PROBLEM DETAILS:
Take each line from the entries that holds "gpath" and copy it out.

DATA TO PROCESS:
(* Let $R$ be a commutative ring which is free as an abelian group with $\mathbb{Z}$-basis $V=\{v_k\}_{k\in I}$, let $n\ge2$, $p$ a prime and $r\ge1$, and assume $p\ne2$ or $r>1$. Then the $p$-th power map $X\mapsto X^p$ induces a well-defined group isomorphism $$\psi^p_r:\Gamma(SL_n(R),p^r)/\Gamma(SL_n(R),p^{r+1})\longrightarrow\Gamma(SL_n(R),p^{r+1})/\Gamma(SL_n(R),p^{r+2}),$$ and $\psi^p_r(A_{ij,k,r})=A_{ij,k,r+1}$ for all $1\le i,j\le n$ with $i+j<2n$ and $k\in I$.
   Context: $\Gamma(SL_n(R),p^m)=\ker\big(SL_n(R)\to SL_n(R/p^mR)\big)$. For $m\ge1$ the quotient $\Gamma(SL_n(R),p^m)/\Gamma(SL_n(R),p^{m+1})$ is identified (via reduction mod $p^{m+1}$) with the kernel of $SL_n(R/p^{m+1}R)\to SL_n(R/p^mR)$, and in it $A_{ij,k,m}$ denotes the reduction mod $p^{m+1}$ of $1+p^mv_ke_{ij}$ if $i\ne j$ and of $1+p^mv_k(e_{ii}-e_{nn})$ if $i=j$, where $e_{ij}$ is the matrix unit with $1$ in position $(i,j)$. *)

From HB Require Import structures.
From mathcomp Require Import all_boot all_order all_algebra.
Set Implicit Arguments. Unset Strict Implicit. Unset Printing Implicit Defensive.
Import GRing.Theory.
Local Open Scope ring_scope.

---

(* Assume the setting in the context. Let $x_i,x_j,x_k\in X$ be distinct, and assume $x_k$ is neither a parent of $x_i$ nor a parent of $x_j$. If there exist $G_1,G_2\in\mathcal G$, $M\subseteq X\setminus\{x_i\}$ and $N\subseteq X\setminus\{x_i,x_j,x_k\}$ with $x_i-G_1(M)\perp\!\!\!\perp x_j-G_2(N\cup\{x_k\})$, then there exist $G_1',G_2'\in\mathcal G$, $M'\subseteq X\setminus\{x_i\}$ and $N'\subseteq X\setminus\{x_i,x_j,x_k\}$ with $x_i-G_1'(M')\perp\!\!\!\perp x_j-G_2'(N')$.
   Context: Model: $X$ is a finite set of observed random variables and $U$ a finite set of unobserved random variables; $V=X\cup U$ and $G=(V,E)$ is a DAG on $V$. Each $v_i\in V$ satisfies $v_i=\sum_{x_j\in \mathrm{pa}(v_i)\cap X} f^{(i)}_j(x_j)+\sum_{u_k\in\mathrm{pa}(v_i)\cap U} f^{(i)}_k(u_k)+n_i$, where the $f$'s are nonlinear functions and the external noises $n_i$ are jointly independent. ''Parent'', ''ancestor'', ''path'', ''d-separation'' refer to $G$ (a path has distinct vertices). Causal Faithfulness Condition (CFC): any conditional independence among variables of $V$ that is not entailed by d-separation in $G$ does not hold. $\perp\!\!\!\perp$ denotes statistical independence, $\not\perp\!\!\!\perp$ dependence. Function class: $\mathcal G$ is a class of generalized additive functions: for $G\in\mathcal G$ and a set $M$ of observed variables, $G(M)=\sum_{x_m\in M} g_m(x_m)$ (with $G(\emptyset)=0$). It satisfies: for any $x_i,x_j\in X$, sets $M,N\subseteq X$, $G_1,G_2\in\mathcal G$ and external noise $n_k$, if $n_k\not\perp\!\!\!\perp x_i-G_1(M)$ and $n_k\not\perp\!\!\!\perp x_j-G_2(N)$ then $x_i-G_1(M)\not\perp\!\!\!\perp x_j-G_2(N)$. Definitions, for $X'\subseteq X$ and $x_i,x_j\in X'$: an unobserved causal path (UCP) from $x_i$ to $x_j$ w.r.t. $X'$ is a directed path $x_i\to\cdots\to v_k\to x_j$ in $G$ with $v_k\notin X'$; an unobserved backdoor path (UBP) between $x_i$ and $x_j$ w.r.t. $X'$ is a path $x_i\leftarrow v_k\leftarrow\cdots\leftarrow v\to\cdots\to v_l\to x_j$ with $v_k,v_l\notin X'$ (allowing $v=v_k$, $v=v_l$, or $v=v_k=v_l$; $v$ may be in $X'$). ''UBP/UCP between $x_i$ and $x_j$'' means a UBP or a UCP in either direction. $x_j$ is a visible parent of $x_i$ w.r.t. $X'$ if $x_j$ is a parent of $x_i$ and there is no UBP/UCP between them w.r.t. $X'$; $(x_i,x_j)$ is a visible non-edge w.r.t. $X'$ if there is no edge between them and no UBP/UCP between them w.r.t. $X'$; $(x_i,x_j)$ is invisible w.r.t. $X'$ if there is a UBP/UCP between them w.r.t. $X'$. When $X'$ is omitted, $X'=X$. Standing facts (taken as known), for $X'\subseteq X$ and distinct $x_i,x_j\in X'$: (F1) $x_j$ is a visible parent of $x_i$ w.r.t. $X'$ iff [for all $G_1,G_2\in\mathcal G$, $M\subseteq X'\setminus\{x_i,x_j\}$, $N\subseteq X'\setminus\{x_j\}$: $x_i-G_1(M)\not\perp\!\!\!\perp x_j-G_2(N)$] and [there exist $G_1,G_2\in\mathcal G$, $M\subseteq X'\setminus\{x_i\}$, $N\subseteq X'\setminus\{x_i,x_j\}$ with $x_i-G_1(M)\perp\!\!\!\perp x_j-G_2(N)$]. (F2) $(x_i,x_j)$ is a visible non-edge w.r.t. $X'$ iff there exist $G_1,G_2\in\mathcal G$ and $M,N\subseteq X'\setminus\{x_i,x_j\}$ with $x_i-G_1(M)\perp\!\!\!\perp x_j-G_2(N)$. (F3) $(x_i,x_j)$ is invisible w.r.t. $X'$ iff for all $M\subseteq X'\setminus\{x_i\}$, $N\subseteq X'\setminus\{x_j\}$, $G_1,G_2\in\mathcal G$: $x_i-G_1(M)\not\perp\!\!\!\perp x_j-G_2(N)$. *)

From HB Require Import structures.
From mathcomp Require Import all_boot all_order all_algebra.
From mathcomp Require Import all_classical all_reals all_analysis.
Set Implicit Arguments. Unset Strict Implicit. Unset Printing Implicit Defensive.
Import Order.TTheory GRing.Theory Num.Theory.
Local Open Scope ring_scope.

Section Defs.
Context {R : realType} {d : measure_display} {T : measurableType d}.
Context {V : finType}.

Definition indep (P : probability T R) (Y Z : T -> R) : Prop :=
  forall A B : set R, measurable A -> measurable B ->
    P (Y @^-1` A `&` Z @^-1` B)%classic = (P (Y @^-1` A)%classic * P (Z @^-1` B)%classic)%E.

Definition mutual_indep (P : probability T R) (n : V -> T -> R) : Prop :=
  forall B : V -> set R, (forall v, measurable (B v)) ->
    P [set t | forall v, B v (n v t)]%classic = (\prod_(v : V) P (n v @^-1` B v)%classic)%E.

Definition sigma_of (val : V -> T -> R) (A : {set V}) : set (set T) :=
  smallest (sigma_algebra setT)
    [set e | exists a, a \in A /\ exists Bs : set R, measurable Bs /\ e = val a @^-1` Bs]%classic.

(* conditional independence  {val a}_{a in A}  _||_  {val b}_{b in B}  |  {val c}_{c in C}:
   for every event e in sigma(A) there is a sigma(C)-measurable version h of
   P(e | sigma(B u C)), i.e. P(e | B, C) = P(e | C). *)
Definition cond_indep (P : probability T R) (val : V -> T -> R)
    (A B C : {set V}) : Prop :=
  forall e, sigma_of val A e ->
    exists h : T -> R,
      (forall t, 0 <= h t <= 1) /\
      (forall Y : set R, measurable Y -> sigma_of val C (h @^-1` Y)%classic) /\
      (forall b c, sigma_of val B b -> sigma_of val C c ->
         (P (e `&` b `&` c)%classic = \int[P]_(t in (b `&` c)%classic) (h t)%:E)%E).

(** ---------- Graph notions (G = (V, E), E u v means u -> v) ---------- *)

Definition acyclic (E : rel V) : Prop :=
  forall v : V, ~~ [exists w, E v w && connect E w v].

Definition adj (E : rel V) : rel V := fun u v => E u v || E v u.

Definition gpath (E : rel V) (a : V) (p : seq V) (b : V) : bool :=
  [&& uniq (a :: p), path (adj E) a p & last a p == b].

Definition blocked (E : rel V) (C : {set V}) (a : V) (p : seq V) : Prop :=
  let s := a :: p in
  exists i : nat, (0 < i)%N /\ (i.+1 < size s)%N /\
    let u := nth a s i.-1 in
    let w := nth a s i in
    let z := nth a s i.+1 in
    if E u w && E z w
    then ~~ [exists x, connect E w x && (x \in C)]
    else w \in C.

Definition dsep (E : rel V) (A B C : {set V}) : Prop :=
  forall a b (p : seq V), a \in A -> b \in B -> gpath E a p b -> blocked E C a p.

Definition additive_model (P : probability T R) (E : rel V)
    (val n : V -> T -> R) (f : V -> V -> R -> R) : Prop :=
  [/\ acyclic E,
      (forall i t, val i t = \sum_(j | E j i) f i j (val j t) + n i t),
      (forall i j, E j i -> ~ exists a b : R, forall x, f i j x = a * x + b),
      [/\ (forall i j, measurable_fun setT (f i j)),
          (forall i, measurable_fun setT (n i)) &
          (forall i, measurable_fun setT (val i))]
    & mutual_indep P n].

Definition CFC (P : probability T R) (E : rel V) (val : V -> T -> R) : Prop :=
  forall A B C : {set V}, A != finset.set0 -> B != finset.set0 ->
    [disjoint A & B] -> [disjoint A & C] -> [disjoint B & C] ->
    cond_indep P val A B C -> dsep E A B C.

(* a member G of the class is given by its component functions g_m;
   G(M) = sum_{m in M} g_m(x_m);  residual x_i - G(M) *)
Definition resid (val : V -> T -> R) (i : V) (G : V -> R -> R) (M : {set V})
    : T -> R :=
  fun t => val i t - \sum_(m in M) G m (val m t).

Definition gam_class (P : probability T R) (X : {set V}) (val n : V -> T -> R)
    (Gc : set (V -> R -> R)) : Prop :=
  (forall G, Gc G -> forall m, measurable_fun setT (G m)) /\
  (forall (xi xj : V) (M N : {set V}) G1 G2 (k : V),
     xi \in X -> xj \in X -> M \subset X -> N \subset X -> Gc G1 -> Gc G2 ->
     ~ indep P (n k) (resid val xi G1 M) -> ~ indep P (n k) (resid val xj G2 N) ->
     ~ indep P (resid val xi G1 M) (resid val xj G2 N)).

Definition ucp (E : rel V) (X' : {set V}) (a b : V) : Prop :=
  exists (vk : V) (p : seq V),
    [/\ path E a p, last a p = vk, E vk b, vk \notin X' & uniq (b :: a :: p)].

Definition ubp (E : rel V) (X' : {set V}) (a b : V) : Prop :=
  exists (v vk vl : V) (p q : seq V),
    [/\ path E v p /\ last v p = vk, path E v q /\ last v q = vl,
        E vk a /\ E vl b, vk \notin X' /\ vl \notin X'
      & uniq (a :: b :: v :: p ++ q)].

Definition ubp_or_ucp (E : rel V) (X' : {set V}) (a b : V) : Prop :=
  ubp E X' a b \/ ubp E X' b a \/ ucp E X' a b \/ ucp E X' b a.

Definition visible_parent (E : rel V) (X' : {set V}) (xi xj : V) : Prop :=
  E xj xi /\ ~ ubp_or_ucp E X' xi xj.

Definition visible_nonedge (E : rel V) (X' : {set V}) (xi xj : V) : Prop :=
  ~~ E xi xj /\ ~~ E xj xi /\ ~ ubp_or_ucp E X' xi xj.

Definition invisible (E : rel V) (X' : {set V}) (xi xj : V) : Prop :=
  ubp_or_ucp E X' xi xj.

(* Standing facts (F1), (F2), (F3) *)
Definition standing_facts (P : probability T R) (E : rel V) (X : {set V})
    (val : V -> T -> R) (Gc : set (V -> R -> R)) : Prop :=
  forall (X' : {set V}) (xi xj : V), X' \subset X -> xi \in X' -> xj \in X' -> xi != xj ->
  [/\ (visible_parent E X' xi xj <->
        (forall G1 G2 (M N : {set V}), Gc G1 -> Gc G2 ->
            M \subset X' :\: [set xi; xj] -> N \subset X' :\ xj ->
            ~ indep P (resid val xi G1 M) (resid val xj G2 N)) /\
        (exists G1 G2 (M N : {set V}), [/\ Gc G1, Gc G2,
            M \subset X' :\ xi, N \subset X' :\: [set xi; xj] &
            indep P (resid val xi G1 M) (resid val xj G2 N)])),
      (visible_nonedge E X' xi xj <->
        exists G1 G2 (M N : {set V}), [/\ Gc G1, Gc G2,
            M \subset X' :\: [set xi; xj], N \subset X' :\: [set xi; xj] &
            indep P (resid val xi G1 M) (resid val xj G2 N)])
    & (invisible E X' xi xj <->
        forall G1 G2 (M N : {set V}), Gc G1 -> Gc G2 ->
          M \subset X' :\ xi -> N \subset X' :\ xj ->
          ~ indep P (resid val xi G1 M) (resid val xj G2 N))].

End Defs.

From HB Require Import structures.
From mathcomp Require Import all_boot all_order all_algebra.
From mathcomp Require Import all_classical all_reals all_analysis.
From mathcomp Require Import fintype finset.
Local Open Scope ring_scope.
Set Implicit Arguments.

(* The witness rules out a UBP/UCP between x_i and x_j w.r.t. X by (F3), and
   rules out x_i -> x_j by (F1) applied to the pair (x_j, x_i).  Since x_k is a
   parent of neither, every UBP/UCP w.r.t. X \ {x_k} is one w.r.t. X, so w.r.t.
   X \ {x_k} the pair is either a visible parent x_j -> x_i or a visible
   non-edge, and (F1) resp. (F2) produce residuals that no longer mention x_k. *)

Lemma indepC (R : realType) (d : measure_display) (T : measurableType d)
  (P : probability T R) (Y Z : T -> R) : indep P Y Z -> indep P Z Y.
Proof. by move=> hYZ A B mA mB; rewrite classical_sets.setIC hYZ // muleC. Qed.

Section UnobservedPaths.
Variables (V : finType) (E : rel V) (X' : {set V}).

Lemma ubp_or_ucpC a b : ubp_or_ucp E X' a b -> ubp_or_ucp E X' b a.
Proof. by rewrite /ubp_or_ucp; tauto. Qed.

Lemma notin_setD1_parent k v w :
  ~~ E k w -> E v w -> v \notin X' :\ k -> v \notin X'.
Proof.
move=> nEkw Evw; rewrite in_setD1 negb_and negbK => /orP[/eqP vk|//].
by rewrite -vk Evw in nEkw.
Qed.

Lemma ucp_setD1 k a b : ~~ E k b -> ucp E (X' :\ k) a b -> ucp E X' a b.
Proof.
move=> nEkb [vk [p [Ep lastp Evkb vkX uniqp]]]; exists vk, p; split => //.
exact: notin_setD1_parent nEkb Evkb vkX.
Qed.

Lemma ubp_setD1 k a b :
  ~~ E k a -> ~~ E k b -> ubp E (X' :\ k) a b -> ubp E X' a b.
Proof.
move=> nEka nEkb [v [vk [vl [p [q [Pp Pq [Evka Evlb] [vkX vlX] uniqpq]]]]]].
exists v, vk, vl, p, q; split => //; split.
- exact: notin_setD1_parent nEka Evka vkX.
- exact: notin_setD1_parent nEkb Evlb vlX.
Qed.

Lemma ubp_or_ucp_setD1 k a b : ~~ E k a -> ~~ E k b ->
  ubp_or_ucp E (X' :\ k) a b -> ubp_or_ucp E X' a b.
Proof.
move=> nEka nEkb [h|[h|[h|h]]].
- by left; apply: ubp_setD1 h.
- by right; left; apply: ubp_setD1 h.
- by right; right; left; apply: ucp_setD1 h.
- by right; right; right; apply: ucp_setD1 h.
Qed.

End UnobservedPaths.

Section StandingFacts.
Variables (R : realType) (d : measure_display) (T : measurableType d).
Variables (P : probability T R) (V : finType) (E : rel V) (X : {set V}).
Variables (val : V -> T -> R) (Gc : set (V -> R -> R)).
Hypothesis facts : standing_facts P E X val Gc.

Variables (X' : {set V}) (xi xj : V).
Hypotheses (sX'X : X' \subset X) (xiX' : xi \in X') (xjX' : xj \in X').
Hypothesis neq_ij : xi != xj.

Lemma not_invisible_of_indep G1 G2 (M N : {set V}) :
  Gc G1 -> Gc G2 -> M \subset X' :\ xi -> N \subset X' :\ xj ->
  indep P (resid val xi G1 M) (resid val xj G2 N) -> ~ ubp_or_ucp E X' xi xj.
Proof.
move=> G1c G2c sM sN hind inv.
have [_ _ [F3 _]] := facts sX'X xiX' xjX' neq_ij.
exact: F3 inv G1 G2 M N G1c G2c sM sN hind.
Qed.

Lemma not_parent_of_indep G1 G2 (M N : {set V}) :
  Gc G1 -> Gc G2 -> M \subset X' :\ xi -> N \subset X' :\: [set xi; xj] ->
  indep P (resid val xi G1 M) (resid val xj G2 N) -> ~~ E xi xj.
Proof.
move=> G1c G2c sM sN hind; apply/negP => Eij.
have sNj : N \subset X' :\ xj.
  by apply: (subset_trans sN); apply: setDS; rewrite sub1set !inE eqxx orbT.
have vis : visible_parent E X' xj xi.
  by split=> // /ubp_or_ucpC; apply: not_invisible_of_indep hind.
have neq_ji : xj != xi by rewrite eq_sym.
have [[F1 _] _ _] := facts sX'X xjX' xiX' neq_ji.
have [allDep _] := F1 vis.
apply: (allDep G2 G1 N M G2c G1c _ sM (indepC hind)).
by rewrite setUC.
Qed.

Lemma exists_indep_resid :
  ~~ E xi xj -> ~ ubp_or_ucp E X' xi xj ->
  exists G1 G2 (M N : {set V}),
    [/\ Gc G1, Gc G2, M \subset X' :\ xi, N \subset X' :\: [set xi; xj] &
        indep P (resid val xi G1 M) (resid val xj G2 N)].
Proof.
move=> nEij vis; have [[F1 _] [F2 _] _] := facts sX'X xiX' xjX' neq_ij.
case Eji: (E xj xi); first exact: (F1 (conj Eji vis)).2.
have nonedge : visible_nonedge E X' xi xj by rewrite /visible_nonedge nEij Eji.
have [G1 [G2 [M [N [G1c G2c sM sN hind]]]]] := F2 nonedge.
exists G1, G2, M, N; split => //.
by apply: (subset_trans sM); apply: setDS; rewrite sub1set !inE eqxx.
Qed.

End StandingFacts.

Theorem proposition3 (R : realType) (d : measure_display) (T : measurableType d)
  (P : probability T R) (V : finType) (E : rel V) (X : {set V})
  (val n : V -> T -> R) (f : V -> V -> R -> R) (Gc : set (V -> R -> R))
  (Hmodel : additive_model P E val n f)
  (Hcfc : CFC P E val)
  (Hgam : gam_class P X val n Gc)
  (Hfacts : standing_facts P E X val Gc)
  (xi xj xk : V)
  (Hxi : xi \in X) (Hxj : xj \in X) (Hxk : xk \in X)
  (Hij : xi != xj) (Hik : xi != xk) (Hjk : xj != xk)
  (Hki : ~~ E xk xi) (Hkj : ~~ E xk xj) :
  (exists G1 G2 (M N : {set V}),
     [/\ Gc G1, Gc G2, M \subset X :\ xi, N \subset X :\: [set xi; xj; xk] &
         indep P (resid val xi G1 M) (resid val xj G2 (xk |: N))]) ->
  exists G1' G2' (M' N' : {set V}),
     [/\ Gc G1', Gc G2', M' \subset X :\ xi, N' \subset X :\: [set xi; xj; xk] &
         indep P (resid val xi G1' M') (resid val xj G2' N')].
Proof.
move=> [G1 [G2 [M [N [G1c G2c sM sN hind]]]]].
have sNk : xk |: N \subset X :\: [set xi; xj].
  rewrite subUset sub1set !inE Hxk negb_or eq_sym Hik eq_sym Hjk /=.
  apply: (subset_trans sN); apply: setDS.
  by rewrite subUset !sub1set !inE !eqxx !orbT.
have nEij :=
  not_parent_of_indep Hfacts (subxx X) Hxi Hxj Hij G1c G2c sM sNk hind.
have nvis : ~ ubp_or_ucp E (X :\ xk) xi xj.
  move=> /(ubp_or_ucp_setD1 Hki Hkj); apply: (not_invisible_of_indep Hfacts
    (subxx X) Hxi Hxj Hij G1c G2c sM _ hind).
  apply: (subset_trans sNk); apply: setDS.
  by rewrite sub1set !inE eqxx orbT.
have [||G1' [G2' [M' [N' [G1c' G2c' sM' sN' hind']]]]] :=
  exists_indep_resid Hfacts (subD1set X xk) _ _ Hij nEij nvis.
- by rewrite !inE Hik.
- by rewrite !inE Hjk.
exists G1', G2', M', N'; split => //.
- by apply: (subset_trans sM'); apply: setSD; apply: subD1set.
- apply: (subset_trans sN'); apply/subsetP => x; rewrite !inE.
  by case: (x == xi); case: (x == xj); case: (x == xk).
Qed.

TASK OUTPUT:
Definition gpath (E : rel V) (a : V) (p : seq V) (b : V) : bool :=
  forall a b (p : seq V), a \in A -> b \in B -> gpath E a p b -> blocked E C a p.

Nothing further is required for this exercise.